** What this task involves **
Examine the records and identify each line that includes the string "unitfE". Copy those lines.

Records from a data collection:
*** Block opens ***
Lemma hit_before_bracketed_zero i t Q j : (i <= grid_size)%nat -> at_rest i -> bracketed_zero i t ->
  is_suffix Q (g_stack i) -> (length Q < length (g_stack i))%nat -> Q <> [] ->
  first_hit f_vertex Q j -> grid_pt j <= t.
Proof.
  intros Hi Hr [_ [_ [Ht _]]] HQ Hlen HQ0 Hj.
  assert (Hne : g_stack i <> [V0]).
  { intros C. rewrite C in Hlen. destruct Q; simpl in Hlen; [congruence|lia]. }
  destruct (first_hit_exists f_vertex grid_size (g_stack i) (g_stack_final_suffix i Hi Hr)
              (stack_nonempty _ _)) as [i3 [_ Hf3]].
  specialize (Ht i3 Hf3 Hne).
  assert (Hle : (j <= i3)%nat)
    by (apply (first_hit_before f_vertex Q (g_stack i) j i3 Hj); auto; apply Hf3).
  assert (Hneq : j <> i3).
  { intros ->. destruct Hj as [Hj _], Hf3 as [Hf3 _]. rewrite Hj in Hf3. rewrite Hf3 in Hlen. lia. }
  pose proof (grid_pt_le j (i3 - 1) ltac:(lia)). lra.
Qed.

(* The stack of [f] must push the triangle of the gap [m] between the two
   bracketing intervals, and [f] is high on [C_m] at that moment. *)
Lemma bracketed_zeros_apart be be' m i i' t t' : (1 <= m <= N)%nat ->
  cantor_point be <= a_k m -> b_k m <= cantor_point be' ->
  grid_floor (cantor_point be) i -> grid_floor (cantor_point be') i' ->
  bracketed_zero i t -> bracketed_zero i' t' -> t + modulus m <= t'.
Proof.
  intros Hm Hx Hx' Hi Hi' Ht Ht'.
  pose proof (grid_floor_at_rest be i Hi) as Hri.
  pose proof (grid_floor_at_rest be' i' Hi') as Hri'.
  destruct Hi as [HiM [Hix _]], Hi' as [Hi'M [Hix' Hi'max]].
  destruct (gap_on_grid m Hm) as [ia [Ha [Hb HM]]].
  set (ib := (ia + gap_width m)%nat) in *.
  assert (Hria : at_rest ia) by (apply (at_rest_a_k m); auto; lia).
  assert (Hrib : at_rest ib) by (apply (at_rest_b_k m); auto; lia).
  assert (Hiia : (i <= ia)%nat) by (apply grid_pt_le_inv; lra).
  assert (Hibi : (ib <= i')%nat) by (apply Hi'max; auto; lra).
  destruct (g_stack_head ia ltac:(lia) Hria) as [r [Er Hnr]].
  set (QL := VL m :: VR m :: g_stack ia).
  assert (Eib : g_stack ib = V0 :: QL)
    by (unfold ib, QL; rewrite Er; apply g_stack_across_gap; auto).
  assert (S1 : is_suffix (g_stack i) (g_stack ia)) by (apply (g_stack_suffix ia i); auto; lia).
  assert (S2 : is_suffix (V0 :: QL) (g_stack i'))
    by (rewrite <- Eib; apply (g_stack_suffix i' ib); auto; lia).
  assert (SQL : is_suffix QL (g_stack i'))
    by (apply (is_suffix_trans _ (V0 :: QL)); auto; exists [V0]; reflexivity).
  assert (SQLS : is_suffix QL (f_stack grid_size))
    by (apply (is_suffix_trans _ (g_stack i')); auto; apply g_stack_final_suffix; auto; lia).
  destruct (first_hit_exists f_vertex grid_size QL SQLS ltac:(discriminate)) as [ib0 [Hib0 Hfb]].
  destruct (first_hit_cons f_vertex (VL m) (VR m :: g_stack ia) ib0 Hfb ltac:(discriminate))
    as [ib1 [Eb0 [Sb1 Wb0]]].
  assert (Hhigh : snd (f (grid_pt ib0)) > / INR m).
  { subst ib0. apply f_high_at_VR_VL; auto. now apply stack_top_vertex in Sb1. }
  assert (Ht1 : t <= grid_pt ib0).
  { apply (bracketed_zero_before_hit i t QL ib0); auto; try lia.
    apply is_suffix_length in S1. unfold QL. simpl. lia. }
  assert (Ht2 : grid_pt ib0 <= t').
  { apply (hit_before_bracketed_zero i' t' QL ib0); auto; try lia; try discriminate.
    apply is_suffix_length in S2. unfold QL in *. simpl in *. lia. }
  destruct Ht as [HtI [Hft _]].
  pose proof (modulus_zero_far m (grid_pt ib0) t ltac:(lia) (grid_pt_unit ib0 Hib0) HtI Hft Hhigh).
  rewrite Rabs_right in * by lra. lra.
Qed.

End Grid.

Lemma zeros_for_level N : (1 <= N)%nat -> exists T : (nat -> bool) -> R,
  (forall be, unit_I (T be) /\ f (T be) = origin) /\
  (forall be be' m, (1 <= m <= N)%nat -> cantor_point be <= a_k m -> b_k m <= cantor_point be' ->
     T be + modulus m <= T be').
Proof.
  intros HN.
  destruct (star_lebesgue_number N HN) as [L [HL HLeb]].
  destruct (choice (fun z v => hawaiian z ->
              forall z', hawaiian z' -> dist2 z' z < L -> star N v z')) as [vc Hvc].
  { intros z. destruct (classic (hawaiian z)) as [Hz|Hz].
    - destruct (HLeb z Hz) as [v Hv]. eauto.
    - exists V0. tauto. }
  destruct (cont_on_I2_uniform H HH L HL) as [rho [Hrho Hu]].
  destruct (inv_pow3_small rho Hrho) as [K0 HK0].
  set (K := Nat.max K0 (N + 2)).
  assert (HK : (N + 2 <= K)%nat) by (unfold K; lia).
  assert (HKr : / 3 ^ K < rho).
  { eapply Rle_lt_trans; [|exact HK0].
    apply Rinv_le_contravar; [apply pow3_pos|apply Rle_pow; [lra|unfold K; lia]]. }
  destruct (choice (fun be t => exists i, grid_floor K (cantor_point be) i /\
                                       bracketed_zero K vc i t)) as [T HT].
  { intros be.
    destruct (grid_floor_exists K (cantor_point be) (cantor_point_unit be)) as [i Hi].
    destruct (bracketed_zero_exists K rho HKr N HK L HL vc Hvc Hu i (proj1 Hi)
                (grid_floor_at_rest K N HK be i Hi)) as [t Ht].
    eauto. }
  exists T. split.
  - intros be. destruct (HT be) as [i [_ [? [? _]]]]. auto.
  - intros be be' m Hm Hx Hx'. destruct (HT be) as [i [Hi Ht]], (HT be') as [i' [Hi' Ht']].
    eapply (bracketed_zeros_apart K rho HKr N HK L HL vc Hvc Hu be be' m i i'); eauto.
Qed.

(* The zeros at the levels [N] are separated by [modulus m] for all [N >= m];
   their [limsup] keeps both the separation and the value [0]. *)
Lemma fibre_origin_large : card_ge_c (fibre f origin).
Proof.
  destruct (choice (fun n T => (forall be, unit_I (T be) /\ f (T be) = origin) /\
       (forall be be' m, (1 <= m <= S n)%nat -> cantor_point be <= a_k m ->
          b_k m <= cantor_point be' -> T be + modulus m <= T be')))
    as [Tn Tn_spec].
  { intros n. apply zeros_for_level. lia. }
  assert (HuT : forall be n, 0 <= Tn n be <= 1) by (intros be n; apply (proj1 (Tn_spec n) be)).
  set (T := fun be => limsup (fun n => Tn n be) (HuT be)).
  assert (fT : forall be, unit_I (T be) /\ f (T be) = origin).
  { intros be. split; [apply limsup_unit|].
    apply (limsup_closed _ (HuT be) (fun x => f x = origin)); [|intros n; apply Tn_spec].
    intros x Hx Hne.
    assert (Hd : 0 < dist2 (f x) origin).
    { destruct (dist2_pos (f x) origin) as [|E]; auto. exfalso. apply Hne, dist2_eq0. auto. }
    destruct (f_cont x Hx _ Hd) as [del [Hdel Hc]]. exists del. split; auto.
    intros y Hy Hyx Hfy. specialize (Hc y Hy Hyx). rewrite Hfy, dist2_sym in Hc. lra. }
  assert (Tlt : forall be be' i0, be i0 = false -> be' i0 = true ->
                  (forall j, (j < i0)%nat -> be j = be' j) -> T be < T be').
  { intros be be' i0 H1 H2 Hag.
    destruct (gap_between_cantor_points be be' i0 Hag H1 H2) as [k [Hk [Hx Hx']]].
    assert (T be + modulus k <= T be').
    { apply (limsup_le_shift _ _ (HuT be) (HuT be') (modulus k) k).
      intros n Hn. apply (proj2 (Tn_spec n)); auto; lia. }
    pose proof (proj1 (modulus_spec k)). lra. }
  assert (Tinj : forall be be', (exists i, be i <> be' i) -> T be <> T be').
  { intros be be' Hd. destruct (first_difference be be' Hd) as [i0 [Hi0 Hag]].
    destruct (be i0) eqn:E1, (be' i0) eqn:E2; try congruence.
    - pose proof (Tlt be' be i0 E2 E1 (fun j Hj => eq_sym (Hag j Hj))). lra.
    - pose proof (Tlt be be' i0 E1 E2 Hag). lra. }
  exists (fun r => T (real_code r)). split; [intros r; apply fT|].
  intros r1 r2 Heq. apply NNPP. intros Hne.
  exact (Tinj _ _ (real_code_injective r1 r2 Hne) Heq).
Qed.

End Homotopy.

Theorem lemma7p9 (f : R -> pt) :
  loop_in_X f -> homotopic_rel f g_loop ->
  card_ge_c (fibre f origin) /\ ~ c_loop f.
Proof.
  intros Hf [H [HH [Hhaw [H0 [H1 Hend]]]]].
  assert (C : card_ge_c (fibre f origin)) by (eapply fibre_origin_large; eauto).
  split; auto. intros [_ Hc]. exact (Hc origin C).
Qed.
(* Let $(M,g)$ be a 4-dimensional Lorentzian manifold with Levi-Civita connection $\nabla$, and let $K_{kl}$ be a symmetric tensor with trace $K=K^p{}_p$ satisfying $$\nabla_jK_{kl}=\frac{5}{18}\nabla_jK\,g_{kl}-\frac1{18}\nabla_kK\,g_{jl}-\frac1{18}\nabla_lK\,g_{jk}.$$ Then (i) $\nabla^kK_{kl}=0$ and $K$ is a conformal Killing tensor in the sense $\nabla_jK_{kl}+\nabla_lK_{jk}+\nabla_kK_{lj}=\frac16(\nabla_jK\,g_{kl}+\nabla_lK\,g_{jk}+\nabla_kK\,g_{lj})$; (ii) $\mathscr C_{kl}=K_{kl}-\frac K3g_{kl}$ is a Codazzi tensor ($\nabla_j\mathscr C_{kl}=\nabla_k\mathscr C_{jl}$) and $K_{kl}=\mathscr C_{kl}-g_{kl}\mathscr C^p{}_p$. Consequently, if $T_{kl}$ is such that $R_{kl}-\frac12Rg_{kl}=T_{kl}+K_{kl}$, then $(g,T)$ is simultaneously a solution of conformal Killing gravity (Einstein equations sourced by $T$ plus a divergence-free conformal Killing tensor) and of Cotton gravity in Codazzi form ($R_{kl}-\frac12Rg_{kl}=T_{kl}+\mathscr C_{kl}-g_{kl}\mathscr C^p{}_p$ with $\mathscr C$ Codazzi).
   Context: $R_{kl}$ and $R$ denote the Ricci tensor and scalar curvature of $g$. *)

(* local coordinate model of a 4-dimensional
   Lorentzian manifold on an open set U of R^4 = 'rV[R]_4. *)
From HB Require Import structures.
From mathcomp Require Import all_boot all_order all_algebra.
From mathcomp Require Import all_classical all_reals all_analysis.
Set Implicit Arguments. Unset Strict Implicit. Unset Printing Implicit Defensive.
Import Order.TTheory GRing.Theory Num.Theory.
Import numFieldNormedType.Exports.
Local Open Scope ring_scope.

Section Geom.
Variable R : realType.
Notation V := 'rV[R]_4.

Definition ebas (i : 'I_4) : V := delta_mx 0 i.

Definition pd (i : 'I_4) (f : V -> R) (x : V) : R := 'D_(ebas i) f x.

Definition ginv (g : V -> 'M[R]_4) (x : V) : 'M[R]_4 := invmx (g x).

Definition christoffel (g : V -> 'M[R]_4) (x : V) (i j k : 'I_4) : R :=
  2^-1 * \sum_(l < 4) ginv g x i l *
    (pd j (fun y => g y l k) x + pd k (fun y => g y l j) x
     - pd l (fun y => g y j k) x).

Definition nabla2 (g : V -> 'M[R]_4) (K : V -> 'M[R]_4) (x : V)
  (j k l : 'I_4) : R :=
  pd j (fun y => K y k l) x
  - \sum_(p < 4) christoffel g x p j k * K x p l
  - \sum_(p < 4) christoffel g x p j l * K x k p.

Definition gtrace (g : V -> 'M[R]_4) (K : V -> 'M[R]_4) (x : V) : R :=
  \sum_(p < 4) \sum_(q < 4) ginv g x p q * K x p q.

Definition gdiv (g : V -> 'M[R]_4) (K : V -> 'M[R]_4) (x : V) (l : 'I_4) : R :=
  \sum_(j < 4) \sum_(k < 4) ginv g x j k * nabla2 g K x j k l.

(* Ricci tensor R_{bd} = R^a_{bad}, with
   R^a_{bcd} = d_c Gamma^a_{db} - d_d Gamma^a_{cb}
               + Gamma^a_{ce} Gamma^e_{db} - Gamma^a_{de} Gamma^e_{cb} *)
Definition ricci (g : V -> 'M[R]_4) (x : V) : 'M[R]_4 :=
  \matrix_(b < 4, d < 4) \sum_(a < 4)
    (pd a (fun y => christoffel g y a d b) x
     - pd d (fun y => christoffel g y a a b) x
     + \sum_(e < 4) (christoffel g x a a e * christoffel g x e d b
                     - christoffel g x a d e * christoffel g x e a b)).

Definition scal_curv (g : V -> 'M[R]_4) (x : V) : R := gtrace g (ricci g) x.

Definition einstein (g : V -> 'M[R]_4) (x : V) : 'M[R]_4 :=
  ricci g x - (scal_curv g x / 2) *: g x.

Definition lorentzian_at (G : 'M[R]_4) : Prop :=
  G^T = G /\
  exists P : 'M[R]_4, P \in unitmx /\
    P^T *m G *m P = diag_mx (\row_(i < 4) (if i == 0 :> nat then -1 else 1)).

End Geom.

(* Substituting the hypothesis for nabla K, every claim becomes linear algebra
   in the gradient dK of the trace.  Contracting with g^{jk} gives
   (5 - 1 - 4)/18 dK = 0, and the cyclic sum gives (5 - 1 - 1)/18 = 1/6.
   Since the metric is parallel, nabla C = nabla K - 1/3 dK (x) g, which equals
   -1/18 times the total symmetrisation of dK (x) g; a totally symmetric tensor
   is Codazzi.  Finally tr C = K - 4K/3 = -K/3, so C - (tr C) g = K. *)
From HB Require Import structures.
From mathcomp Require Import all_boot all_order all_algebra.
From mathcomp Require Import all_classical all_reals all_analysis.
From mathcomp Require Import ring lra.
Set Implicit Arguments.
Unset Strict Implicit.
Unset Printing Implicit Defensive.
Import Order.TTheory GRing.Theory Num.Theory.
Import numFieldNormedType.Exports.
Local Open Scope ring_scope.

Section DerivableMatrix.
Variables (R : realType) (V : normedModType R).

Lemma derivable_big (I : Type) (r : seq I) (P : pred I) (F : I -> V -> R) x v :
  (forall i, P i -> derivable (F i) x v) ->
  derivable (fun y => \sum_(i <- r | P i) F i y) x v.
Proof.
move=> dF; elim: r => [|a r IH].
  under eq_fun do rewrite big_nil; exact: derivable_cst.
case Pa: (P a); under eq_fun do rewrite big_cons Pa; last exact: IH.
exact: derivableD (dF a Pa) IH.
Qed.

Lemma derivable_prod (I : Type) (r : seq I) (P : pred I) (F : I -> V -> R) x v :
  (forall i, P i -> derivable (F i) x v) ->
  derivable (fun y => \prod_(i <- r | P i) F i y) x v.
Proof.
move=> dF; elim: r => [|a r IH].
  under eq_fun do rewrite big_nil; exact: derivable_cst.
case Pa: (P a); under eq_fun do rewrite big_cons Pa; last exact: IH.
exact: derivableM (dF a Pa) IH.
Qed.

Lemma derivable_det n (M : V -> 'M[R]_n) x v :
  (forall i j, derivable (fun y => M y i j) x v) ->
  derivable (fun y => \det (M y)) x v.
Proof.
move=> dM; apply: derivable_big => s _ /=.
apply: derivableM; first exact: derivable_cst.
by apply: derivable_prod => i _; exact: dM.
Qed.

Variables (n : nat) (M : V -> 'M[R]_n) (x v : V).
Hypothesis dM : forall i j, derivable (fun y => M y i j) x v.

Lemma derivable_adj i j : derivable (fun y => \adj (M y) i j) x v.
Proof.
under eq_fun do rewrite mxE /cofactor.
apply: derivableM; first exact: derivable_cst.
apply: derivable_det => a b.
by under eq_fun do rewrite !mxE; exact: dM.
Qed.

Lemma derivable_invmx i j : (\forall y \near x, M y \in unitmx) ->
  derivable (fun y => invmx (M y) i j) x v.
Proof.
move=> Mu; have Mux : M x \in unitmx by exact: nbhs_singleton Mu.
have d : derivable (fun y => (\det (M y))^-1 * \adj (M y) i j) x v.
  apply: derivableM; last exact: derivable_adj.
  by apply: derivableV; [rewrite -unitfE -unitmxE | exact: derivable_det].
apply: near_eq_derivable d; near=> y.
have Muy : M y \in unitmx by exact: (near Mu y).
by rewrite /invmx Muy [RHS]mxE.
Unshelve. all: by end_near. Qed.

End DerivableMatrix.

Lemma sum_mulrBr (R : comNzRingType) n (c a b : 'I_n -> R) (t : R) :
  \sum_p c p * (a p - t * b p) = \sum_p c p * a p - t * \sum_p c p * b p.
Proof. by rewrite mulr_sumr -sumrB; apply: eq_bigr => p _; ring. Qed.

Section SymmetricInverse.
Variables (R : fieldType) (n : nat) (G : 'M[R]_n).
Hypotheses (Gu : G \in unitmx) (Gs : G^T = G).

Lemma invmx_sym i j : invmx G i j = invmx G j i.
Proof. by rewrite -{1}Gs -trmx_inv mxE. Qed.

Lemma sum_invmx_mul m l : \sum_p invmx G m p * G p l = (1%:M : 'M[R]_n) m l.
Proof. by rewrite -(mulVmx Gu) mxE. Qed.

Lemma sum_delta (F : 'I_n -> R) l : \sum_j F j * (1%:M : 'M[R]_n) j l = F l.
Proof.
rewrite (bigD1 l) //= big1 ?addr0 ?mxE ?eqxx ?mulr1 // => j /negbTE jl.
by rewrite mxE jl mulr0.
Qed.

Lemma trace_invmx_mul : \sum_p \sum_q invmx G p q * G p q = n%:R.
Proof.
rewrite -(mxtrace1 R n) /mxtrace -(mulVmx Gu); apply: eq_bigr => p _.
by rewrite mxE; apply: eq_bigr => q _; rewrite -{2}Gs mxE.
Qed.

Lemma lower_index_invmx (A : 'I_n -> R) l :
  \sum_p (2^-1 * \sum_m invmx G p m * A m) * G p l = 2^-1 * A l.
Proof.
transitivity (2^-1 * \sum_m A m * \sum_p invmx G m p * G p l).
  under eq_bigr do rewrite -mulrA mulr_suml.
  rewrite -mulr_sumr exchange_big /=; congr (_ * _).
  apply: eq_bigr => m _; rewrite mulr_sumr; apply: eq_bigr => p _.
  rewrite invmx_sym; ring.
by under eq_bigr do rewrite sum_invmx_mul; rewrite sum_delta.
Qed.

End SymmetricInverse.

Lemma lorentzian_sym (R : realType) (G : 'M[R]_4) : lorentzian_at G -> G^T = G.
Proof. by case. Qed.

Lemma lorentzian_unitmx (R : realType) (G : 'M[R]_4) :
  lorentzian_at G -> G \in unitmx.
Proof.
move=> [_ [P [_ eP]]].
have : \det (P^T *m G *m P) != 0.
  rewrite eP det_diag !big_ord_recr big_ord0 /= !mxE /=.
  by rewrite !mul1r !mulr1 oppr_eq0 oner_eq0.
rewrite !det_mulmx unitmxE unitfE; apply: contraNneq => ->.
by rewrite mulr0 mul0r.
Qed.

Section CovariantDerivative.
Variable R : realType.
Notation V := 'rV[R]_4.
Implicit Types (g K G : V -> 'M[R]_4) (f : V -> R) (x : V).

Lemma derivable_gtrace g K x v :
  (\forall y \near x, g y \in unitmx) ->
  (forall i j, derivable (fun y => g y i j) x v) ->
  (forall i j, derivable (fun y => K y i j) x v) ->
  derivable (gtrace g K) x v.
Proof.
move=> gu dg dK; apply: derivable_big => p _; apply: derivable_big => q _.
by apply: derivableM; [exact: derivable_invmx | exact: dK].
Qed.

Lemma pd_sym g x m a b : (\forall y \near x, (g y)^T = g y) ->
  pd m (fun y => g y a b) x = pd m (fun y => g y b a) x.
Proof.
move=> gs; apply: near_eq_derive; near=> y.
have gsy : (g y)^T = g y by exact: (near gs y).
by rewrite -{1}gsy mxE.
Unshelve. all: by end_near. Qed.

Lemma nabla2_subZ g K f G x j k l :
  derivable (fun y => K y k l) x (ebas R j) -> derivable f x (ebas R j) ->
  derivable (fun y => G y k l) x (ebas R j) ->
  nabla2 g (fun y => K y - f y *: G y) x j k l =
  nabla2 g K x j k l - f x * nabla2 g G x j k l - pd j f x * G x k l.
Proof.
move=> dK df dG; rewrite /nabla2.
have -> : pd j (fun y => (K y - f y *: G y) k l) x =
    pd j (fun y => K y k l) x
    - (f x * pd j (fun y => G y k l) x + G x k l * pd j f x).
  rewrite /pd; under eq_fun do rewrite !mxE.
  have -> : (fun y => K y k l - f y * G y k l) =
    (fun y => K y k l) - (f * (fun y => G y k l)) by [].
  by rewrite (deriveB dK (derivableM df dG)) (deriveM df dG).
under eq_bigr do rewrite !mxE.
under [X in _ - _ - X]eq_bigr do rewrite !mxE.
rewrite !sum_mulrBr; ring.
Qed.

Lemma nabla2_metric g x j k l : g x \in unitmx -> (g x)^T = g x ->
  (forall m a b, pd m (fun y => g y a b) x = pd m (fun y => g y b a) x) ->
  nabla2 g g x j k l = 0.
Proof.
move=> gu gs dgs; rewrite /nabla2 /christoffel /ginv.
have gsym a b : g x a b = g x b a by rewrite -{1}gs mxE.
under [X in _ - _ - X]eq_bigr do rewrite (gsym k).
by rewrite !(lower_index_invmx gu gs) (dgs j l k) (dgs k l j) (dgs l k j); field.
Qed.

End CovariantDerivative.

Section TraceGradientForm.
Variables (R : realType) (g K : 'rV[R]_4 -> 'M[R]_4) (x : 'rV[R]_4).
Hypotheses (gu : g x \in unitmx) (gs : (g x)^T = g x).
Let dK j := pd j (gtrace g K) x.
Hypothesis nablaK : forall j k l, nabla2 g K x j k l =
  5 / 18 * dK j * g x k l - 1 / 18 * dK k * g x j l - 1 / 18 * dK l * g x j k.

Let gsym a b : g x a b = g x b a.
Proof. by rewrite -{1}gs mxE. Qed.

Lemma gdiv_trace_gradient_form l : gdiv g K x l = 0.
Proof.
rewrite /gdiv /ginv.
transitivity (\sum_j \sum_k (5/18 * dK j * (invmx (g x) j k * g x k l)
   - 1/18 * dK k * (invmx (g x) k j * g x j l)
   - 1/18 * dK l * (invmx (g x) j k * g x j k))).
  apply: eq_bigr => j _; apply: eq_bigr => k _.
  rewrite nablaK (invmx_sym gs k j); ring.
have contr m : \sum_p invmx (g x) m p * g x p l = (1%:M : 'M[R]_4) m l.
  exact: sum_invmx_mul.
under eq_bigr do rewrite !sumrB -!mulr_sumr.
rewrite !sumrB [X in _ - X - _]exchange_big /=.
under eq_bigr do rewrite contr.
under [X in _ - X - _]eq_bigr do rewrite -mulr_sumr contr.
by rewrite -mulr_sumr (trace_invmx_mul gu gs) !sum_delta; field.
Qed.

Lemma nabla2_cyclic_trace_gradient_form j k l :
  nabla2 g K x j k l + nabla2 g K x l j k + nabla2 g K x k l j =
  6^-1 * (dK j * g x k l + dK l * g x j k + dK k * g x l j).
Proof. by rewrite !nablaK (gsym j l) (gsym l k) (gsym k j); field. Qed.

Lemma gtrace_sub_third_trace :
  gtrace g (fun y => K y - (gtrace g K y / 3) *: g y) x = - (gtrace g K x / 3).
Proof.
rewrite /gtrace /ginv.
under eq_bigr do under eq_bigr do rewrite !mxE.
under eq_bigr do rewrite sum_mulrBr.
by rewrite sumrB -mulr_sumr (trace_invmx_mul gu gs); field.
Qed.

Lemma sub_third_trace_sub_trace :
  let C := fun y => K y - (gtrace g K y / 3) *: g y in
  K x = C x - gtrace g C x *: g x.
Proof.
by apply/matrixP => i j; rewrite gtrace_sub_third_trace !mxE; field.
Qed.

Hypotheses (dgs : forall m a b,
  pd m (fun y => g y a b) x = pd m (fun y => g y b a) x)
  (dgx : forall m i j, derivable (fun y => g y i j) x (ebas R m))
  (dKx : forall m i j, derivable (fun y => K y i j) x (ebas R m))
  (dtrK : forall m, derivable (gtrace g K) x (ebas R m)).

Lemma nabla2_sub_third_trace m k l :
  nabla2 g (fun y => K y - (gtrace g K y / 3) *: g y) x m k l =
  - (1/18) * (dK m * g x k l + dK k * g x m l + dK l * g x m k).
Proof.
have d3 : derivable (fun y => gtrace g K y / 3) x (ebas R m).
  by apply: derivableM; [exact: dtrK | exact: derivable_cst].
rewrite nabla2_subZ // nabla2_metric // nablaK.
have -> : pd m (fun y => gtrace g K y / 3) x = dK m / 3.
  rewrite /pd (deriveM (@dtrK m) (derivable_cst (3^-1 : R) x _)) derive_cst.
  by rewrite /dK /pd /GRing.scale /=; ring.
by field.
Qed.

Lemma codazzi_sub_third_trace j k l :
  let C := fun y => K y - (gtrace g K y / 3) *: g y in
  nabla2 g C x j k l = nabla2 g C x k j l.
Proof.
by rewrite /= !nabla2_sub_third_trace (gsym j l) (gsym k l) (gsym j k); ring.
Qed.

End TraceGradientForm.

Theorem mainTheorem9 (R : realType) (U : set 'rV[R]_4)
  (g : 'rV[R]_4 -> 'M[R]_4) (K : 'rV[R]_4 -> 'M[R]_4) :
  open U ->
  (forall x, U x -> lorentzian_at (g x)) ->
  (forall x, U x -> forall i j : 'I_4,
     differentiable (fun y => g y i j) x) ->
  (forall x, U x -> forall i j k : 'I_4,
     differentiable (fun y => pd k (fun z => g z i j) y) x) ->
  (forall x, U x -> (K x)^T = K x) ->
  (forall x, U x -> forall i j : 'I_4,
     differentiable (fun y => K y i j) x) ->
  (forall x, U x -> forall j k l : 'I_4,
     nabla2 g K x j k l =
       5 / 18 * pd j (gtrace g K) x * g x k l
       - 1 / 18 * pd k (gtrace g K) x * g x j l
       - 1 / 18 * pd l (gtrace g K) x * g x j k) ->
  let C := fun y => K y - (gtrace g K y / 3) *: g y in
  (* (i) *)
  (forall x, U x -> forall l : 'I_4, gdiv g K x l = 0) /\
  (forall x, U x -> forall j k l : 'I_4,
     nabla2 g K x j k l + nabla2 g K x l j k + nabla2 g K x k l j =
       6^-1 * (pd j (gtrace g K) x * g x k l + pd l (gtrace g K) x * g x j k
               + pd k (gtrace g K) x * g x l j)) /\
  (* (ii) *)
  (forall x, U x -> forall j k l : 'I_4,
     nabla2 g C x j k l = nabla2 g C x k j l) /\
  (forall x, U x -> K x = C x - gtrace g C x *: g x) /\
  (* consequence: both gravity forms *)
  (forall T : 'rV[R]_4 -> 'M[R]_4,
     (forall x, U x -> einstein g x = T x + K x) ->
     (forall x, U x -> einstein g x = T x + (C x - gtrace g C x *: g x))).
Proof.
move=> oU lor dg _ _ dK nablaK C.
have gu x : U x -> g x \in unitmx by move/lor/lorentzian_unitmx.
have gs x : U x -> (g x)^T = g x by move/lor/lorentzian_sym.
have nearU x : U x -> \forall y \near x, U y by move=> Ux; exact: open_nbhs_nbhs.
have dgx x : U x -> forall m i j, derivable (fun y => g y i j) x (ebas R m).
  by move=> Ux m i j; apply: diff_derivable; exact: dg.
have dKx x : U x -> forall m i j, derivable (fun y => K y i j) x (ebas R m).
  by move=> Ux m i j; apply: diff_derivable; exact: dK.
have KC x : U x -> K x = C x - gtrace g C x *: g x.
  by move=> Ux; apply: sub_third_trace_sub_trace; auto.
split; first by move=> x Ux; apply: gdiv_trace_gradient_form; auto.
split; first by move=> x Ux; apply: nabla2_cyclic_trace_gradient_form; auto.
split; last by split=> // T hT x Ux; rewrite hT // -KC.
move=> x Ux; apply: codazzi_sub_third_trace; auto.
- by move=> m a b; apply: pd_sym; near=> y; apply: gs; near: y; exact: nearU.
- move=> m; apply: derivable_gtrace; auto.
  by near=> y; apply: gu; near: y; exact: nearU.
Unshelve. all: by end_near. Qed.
*** Block closes ***
** Answer to this problem **
  by apply: derivableV; [rewrite -unitfE -unitmxE | exact: derivable_det].
rewrite !det_mulmx unitmxE unitfE; apply: contraNneq => ->.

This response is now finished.